QUESTIONS: Will there really be another sequel? Are moviegoers still interested in torture porn like this nowadays? Or have the death mechanisms started to collect visible dust? And what would it take to convince me to return to my place of initial torture? Absolutely nothing at all? Oh, maybe perhaps the Skyfall blooper reel.

REWATCHABILITY: Slim to none. This movie won't be the least bit scary in its second run, instead just playing off like brutal violence.

OVERALL

Though this movie does feature the appearance of two dogs, the title doesn't refer to, as my girlfriend had guessed, a collection of puppies (but this would be a decent sequel to Hotel For Dogs). Instead, The Collection is an agglomeration of grossness; a torture porn-ucopia of gruesome images that seem in competition to out-obscene each other. There are spiky traps, mutilated corpses, human skeletons made into spider skeleton shapes, and then there are some more traps. The Collection is solely engineered by two Saw filmmakers to gross out its audience with booby traps, taking viewers into a horror house where it isn't so much a fear of what's behind Door Number Death, but how loud will the door slam after someone steps into the room, and how gross will the visuals be when a human body is inevitably destroyed.

The Collector himself is like a fan fiction mix of Jason Voorhees as a nimble Jigsaw, but he doesn't inspire the level curiosity for either of those now-classic horror heroes of blood and chaos. It is also uncertain as to whether Dunstan and Melton want him to be super human like Jason, or like Jigsaw, a mortal being with a lot of time on his hands. More so than those two, Collector has his ability to cause fear overshadowed by his traps-manship, whose dedication to hilariously elaborate traps (how does he know they work?) lacks any inspiration. Jason slashed horny teens to avenge his mother, Jigsaw canoodled people in messy Rude Goldbergs with aims of teaching a hands-on lesson, and the passionless, yet relentless Collector ... just maims and/or kills, and then moves on, his only consistency being that he always kidnaps one survivor so he can booby trap them for later, creating a circle of death that spins at the rate he pleases, or something like that. What does Collector Man do on his off days? This guy works really hard for someone who doesn't seem to care what happens before, during, or after his collections have expired.

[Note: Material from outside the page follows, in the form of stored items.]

(* Let $(T,\sigma)$ be a confluent temperature-1 TAS with maximal producible assembly $\alpha_{\max}$, and let $x\in\mathrm{Dom}(\alpha_{\max})$. Let $p$ be a finite free path such that there is an assembly (not necessarily producible) whose binding graph contains the path $x.p$ and which places the tile $\alpha_{\max}(x)$ at $x$. If $\mathrm{Dom}(x.p)\subseteq \mathrm{NC}(x)$, then the path $x.p$ is a subgraph of the binding graph of $\alpha_{\max}$.
   Context: Directions $D=\{E=(1,0),N=(0,1),S=(0,-1),W=(-1,0)\}$; $\mathbb Z^2$ is the grid graph; a free path is a word over $D$ whose associated walk is simple; $A.m$ is the path starting at $A$ following $m$; $\vec m$ is the displacement (sum of letters) of finite $m$. A tile type is a map $t:D\to\Sigma$ ($\Sigma$ a finite glue set), $t_d$ its glue on side $d$. A temperature-1 TAS is $(T,\sigma)$, $T$ finite set of tile types, $\sigma$ the seed tile type. An assembly is a partial map $\alpha:\mathbb Z^2\to T\cup\{\sigma\}$; its binding graph has vertices $\mathrm{Dom}(\alpha)$ and an edge $\{v,v+d\}$ iff $\alpha(v)_d=\alpha(v+d)_{-d}$; it is stable if the binding graph is connected, producible if stable and $\alpha((0,0))=\sigma$. The TAS is confluent if any two producible assemblies agree on their common domain; then there is a unique producible assembly $\alpha_{\max}$ whose domain contains the domain of every producible assembly. Non-causal set: for $x\in\mathbb Z^2$, $\mathrm{NC}(x)=\{y\in\mathbb Z^2: \exists$ a finite free path $m$ with $(0,0).m$ a subgraph of the binding graph of $\alpha_{\max}$, $(0,0)+\vec m=x$ and $y\notin \mathrm{Dom}((0,0).m)\}\cup\{x\}$. *)

From Stdlib Require Import ZArith List.
Import ListNotations.
Open Scope Z_scope.

Inductive dir : Type := E | N | S | W.

Definition pos : Type := (Z * Z)%type.

Definition vec (d : dir) : pos :=
  match d with E => (1, 0) | N => (0, 1) | S => (0, -1) | W => (-1, 0) end.

Definition opp (d : dir) : dir :=
  match d with E => W | N => S | S => N | W => E end.

Definition shift (v : pos) (d : dir) : pos :=
  (fst v + fst (vec d), snd v + snd (vec d)).

Fixpoint walk (A : pos) (m : list dir) : list pos :=
  match m with
  | [] => [A]
  | d :: m' => A :: walk (shift A d) m'
  end.

Fixpoint endp (A : pos) (m : list dir) : pos :=
  match m with
  | [] => A
  | d :: m' => endp (shift A d) m'
  end.

(* free path: its walk is simple (translation invariant, test from origin) *)
Definition free (m : list dir) : Prop := NoDup (walk (0, 0) m).

Definition tile (Sigma : Type) : Type := dir -> Sigma.

Definition assembly {Sigma : Type} (T : list (tile Sigma)) (sigma : tile Sigma)
  (a : pos -> option (tile Sigma)) : Prop :=
  forall v t, a v = Some t -> In t T \/ t = sigma.

Definition in_dom {Sigma : Type} (a : pos -> option (tile Sigma)) (v : pos) : Prop :=
  a v <> None.

(* edge {v, v+d} of the binding graph *)
Definition binds {Sigma : Type} (a : pos -> option (tile Sigma)) (v : pos) (d : dir) : Prop :=
  exists t t', a v = Some t /\ a (shift v d) = Some t' /\ t d = t' (opp d).

Fixpoint path_in {Sigma : Type} (a : pos -> option (tile Sigma)) (A : pos) (m : list dir) : Prop :=
  match m with
  | [] => in_dom a A
  | d :: m' => binds a A d /\ path_in a (shift A d) m'
  end.

Definition stable {Sigma : Type} (a : pos -> option (tile Sigma)) : Prop :=
  forall u v, in_dom a u -> in_dom a v ->
    exists m, path_in a u m /\ endp u m = v.

Definition producible {Sigma : Type} (T : list (tile Sigma)) (sigma : tile Sigma)
  (a : pos -> option (tile Sigma)) : Prop :=
  assembly T sigma a /\ stable a /\ a (0, 0) = Some sigma.

Definition confluent {Sigma : Type} (T : list (tile Sigma)) (sigma : tile Sigma) : Prop :=
  forall a b, producible T sigma a -> producible T sigma b ->
    forall v, in_dom a v -> in_dom b v -> a v = b v.

Definition is_max_producible {Sigma : Type} (T : list (tile Sigma)) (sigma : tile Sigma)
  (amax : pos -> option (tile Sigma)) : Prop :=
  producible T sigma amax /\
  forall b, producible T sigma b -> forall v, in_dom b v -> in_dom amax v.

Definition NC {Sigma : Type} (amax : pos -> option (tile Sigma)) (x y : pos) : Prop :=
  (exists m, free m /\ path_in amax (0, 0) m /\ endp (0, 0) m = x /\
             ~ In y (walk (0, 0) m))
  \/ y = x.

(** A tile that can attach to a producible assembly of a confluent system is the
    tile of the maximal assembly at that position.  Walk along [x.p]: at each new
    position [z], the non-causality hypothesis yields a path of [amax] from the
    seed to [x] avoiding [z]; together with the already verified prefix of
    [x.p], it spans a producible sub-assembly of [amax] (connected through [x])
    to which the tile of [b] at [z] can attach.  Confluence and maximality then
    force [amax z = b z], so the next edge of [x.p] is an edge of [amax]. *)

From Pilot Require Import Defs.
From Stdlib Require Import ZArith List Lia FinFun.
Import ListNotations.
(* Re-import so that [shift] refers to [Defs.shift], not [Zpower.shift]. *)
Import Pilot.Defs.
Open Scope Z_scope.

Definition pos_eq_dec (u v : pos) : {u = v} + {u <> v}.
Proof. decide equality; apply Z.eq_dec. Defined.

Lemma opp_involutive (d : dir) : opp (opp d) = d.
Proof. destruct d; reflexivity. Qed.

Lemma shift_opp (v : pos) (d : dir) : shift (shift v d) (opp d) = v.
Proof. destruct v, d; unfold shift; simpl; f_equal; lia. Qed.

Lemma in_walk_head (u : pos) (m : list dir) : In u (walk u m).
Proof. destruct m; simpl; auto. Qed.

Lemma in_walk_endp (u : pos) (m : list dir) : In (endp u m) (walk u m).
Proof. revert u; induction m; simpl; auto. Qed.

Lemma endp_app (u : pos) (m m' : list dir) : endp u (m ++ m') = endp (endp u m) m'.
Proof. revert u; induction m; simpl; auto. Qed.

Lemma walk_app_cons (u : pos) (m : list dir) (d : dir) (m' : list dir) :
  walk u (m ++ d :: m') = walk u m ++ walk (shift (endp u m) d) m'.
Proof. revert u; induction m as [|d' m IH]; intro u; simpl; [|rewrite IH]; reflexivity. Qed.

Lemma in_walk_app (u v : pos) (m m' : list dir) :
  In v (walk u (m ++ m')) <-> In v (walk u m) \/ In v (walk (endp u m) m').
Proof.
  revert u; induction m as [|d m IH]; intro u; simpl.
  - split; [auto|intros [[<-|[]]|H]; auto using in_walk_head].
  - rewrite IH; tauto.
Qed.

Lemma NoDup_app_disjoint {A : Type} (l l' : list A) (a : A) :
  NoDup (l ++ l') -> In a l -> ~ In a l'.
Proof.
  induction l as [|a0 l IH]; simpl; [tauto|].
  intros Hnd [<-|Ha] Ha'.
  - apply NoDup_cons_iff in Hnd. apply (proj1 Hnd), in_or_app; auto.
  - exact (IH (proj2 (proj1 (NoDup_cons_iff _ _) Hnd)) Ha Ha').
Qed.

Definition translate (w v : pos) : pos := (fst w + fst v, snd w + snd v).

Lemma walk_translate (w u : pos) (m : list dir) :
  walk (translate w u) m = map (translate w) (walk u m).
Proof.
  revert u; induction m as [|d m IH]; intro u; simpl; auto.
  rewrite <- IH. do 2 f_equal.
  destruct w, u, d; unfold translate, shift; simpl; f_equal; lia.
Qed.

Lemma free_walk_NoDup (x : pos) (p : list dir) : free p -> NoDup (walk x p).
Proof.
  intro Hfree.
  replace x with (translate x (0, 0)) by (destruct x; unfold translate; simpl; f_equal; lia).
  rewrite walk_translate. apply Injective_map_NoDup; [|exact Hfree].
  intros [a1 a2] [c1 c2] Heq. unfold translate in Heq; simpl in Heq.
  injection Heq; intros; f_equal; lia.
Qed.

Section Assemblies.

Context {Sigma : Type}.
Implicit Types a b c : pos -> option (tile Sigma).

Definition connected a (u v : pos) : Prop :=
  exists m, path_in a u m /\ endp u m = v.

Definition restrict a (K : list pos) : pos -> option (tile Sigma) :=
  fun v => if in_dec pos_eq_dec v K then a v else None.

Definition extend a (z : pos) (t : tile Sigma) : pos -> option (tile Sigma) :=
  fun v => if pos_eq_dec v z then Some t else a v.

Lemma path_in_dom a u m : path_in a u m -> in_dom a u.
Proof.
  destruct m as [|d m]; simpl; auto.
  intros [[t [t' [Hu _]]] _]. unfold in_dom; congruence.
Qed.

Lemma path_in_walk_dom a u m v : path_in a u m -> In v (walk u m) -> in_dom a v.
Proof.
  revert u; induction m as [|d m IH]; intros u Hp Hv; simpl in *.
  - destruct Hv as [<-|[]]; exact Hp.
  - destruct Hv as [<-|Hv]; [exact (path_in_dom a u (d :: m) Hp)|].
    exact (IH _ (proj2 Hp) Hv).
Qed.

Lemma path_in_app a u m m' :
  path_in a u (m ++ m') <-> path_in a u m /\ path_in a (endp u m) m'.
Proof.
  revert u; induction m as [|d m IH]; intro u; simpl.
  - split; [intro H; split; [exact (path_in_dom a u m' H)|exact H]|tauto].
  - rewrite IH; tauto.
Qed.

Lemma path_in_agree a c u m :
  path_in a u m -> (forall v, In v (walk u m) -> c v = a v) -> path_in c u m.
Proof.
  revert u; induction m as [|d m IH]; intros u Hp Hagree; simpl in *.
  - unfold in_dom in *. rewrite Hagree; auto.
  - destruct Hp as [[t [t' [Hu [Hz Hg]]]] Hp]. split.
    + exists t, t'. rewrite !Hagree; auto using in_walk_head.
    + apply IH; auto.
Qed.

Lemma binds_opp a v d : binds a v d -> binds a (shift v d) (opp d).
Proof.
  intros [t [t' [Hv [Hw Hg]]]]. exists t', t.
  rewrite shift_opp, opp_involutive. auto.
Qed.

Lemma connected_trans a u v w : connected a u v -> connected a v w -> connected a u w.
Proof.
  intros [m [Hm <-]] [m' [Hm' <-]]. exists (m ++ m').
  rewrite path_in_app, endp_app. auto.
Qed.

Lemma connected_sym a u v : connected a u v -> connected a v u.
Proof.
  intros [m [Hm <-]]. revert u Hm; induction m as [|d m IH]; intros u Hm; simpl.
  - exists []. auto.
  - destruct Hm as [Hb Hm]. apply connected_trans with (shift u d); [now apply IH|].
    exists [opp d]. simpl. rewrite shift_opp.
    repeat split; [now apply binds_opp|exact (path_in_dom a u (d :: m) (conj Hb Hm))].
Qed.

Lemma connected_walk_endp a u m v :
  path_in a u m -> In v (walk u m) -> connected a v (endp u m).
Proof.
  revert u; induction m as [|d m IH]; intros u Hm Hv; simpl in *.
  - destruct Hv as [<-|[]]. exists []. auto.
  - destruct Hv as [<-|Hv]; [exists (d :: m); simpl; auto|].
    exact (IH _ (proj2 Hm) Hv).
Qed.

Lemma connected_ext a c u v :
  (forall w, in_dom a w -> c w = a w) -> connected a u v -> connected c u v.
Proof.
  intros Hext [m [Hm Hend]]. exists m. split; [|exact Hend].
  apply (path_in_agree a); [exact Hm|].
  intros w Hw. exact (Hext w (path_in_walk_dom a u m w Hm Hw)).
Qed.

Lemma stable_of_hub a h : (forall v, in_dom a v -> connected a v h) -> stable a.
Proof.
  intros Hhub u v Hu Hv.
  exact (connected_trans a u h v (Hhub u Hu) (connected_sym a v h (Hhub v Hv))).
Qed.

Variables (T : list (tile Sigma)) (sigma : tile Sigma).

Lemma producible_restrict_walk a w :
  producible T sigma a -> path_in a (0, 0) w ->
  producible T sigma (restrict a (walk (0, 0) w)).
Proof.
  intros [Hasm [_ Hseed]] Hw.
  set (K := walk (0, 0) w).
  assert (Hin : forall v, In v K -> restrict a K v = a v)
    by (intros v Hv; unfold restrict; destruct in_dec; tauto).
  split; [|split].
  - intros v t Hv. unfold restrict in Hv. destruct in_dec; [exact (Hasm v t Hv)|discriminate].
  - apply stable_of_hub with (endp (0, 0) w). intros v Hv.
    assert (HvK : In v K)
      by (unfold in_dom, restrict in Hv; destruct in_dec; tauto).
    apply connected_walk_endp; [apply (path_in_agree a)|]; auto.
  - rewrite Hin; [exact Hseed|apply in_walk_head].
Qed.

Lemma producible_extend a u d s t :
  producible T sigma a -> a (shift u d) = None -> In t T \/ t = sigma ->
  a u = Some s -> s d = t (opp d) ->
  producible T sigma (extend a (shift u d) t).
Proof.
  intros [Hasm [Hstab Hseed]] Hz Ht Hu Hglue.
  set (z := shift u d) in *. set (c := extend a z t).
  assert (Hagree : forall v, in_dom a v -> c v = a v).
  { intros v Hv. unfold c, extend. destruct pos_eq_dec as [->|]; [contradiction|reflexivity]. }
  assert (Huc : c u = Some s) by (rewrite Hagree; unfold in_dom; congruence).
  split; [|split].
  - intros v t' Hv. unfold c, extend in Hv.
    destruct pos_eq_dec; [injection Hv as <-; exact Ht|exact (Hasm v t' Hv)].
  - apply stable_of_hub with u. intros v Hv.
    destruct (pos_eq_dec v z) as [->|Hvz].
    + exists [opp d]. unfold z. simpl. rewrite shift_opp.
      split; [split; [|unfold in_dom; congruence]|reflexivity].
      exists t, s. rewrite shift_opp, opp_involutive. repeat split; auto.
      unfold c, extend. destruct pos_eq_dec; tauto.
    + assert (Hva : in_dom a v)
        by (unfold in_dom, c, extend in Hv; destruct pos_eq_dec; tauto).
      apply (connected_ext a c); [exact Hagree|].
      apply Hstab; [exact Hva|unfold in_dom; congruence].
  - rewrite Hagree; [exact Hseed|unfold in_dom; congruence].
Qed.

Lemma max_producible_attach amax w u d s t :
  confluent T sigma -> is_max_producible T sigma amax ->
  path_in amax (0, 0) w -> In u (walk (0, 0) w) -> ~ In (shift u d) (walk (0, 0) w) ->
  In t T \/ t = sigma -> amax u = Some s -> s d = t (opp d) ->
  amax (shift u d) = Some t.
Proof.
  intros Hconf [Hprod Hmax] Hw Hu Hz Ht Hs Hglue.
  set (K := walk (0, 0) w). set (a := restrict amax K).
  assert (Hza : a (shift u d) = None) by (unfold a, restrict; destruct in_dec; tauto).
  assert (Hua : a u = Some s) by (unfold a, restrict; destruct in_dec; tauto).
  assert (Hc := producible_extend a u d s t
                  (producible_restrict_walk amax w Hprod Hw) Hza Ht Hua Hglue).
  assert (Hzc : extend a (shift u d) t (shift u d) = Some t)
    by (unfold extend; destruct pos_eq_dec; tauto).
  rewrite <- Hzc. symmetry.
  apply (Hconf _ _ Hc Hprod); [|apply (Hmax _ Hc)]; unfold in_dom; congruence.
Qed.

Lemma max_producible_path_snoc amax b x q d :
  confluent T sigma -> is_max_producible T sigma amax -> assembly T sigma b ->
  path_in amax x q -> amax (endp x q) = b (endp x q) -> binds b (endp x q) d ->
  ~ In (shift (endp x q) d) (walk x q) -> NC amax x (shift (endp x q) d) ->
  path_in amax x (q ++ [d]) /\ amax (shift (endp x q) d) = b (shift (endp x q) d).
Proof.
  intros Hconf Hmax Hb Hq Hy [t [t' [Hbt [Hbt' Hglue]]]] Hnew HNC.
  set (y := endp x q) in *. set (z := shift y d) in *.
  assert (Hz : amax z = b z).
  { destruct HNC as [[w [_ [Hw [Hwx Hwz]]]]|Hzx];
      [|rewrite Hzx in Hnew; contradiction (Hnew (in_walk_head x q))].
    rewrite Hbt'. apply max_producible_attach with (w ++ q) t.
    - exact Hconf.
    - exact Hmax.
    - apply path_in_app. rewrite Hwx. auto.
    - apply in_walk_app. rewrite Hwx. right. apply in_walk_endp.
    - rewrite in_walk_app, Hwx. tauto.
    - destruct (Hb z t' Hbt'); auto.
    - congruence.
    - exact Hglue. }
  split; [|exact Hz].
  apply path_in_app. split; [exact Hq|]. fold y. simpl. fold z.
  split; [exists t, t'; fold z; rewrite Hy, Hz; auto|unfold in_dom; congruence].
Qed.

End Assemblies.

Theorem mainTheorem3 (Sigma : Type) (Sigma_finite : exists l : list Sigma, forall g, In g l)
  (T : list (tile Sigma)) (sigma : tile Sigma)
  (amax : pos -> option (tile Sigma)) :
  confluent T sigma ->
  is_max_producible T sigma amax ->
  forall (x : pos), in_dom amax x ->
  forall (p : list dir), free p ->
  forall (b : pos -> option (tile Sigma)),
    assembly T sigma b -> path_in b x p -> b x = amax x ->
  (forall y, In y (walk x p) -> NC amax x y) ->
  path_in amax x p.
Proof.
  intros Hconf Hmax x Hx p Hfree b Hb Hpb Hbx HNC.
  assert (Hnd := free_walk_NoDup x p Hfree).
  enough (Hprefix : forall q r, q ++ r = p ->
            path_in amax x q /\ amax (endp x q) = b (endp x q))
    by exact (proj1 (Hprefix p [] (app_nil_r p))).
  intro q; induction q as [|d q IH] using rev_ind; intros r Hqr; [split; auto|].
  rewrite <- app_assoc in Hqr. simpl in Hqr. subst p.
  destruct (IH _ eq_refl) as [Hq Hy].
  rewrite walk_app_cons in Hnd, HNC.
  rewrite endp_app. simpl.
  apply (max_producible_path_snoc T sigma); auto.
  - apply path_in_app in Hpb. exact (proj1 (proj2 Hpb)).
  - intro Hin. apply (NoDup_app_disjoint _ _ _ Hnd Hin), in_walk_head.
  - apply HNC, in_or_app. right. apply in_walk_head.
Qed.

This indifference certainly seems to be a product of the filmmaking of The Collection, which is as equally uninspired as what Collector does with his murder mementos. The writers seem to share the same motivation as their masked creation for such bloody mayhem: "Because it just looks cool, dude." Thus, cinematography and editing are often bastardized to the significance of a hoarder's stack of moldy pizza boxes, not kept for any personal reason, but because one is too lazy to do anything about them. The film's running time even barely makes it to 80 minutes, toying with the notion that The Collection is indifferent about being a fulfilling feature film at all.

When the movie does channel its simple main motivations, making the material it actually cares about, The Collection can be a small success in its own right. It is a movie purely interested in the horror of blood, whether it is used to express over-the-top carnage (as with its goofy opening massacre), or cause discomfort to the audience because there's an entire ocean of it. It is curious, then, as to why a certain scene involving a sequence broken bone got the biggest reaction from the screening audience. Do broken bones work below the levels of desensitization that blood can so easily achieve, especially when sprayed in the audience's face so rampantly? Were viewers just relieved to see some other method of pain that didn't involve blood splatter, even if it was only for a moment?

To his credit, gore hound Dunstan does succeed in making the slaughterhouse of Collection an audience's anti-fun house, one with a few claustrophobic sequences that keep viewers' mental investment trapped in the moment (such as the effectively paced, bloodless epilogue). The ways of death inflicted on this movie's cattle are surprising enough, within moments that are uneasy enough, that this gore hoarder does succeed in satisfying its simple desire to be really grotesque, with a couple bits of remaining creepiness. A lot of other stuff, however, is just junk.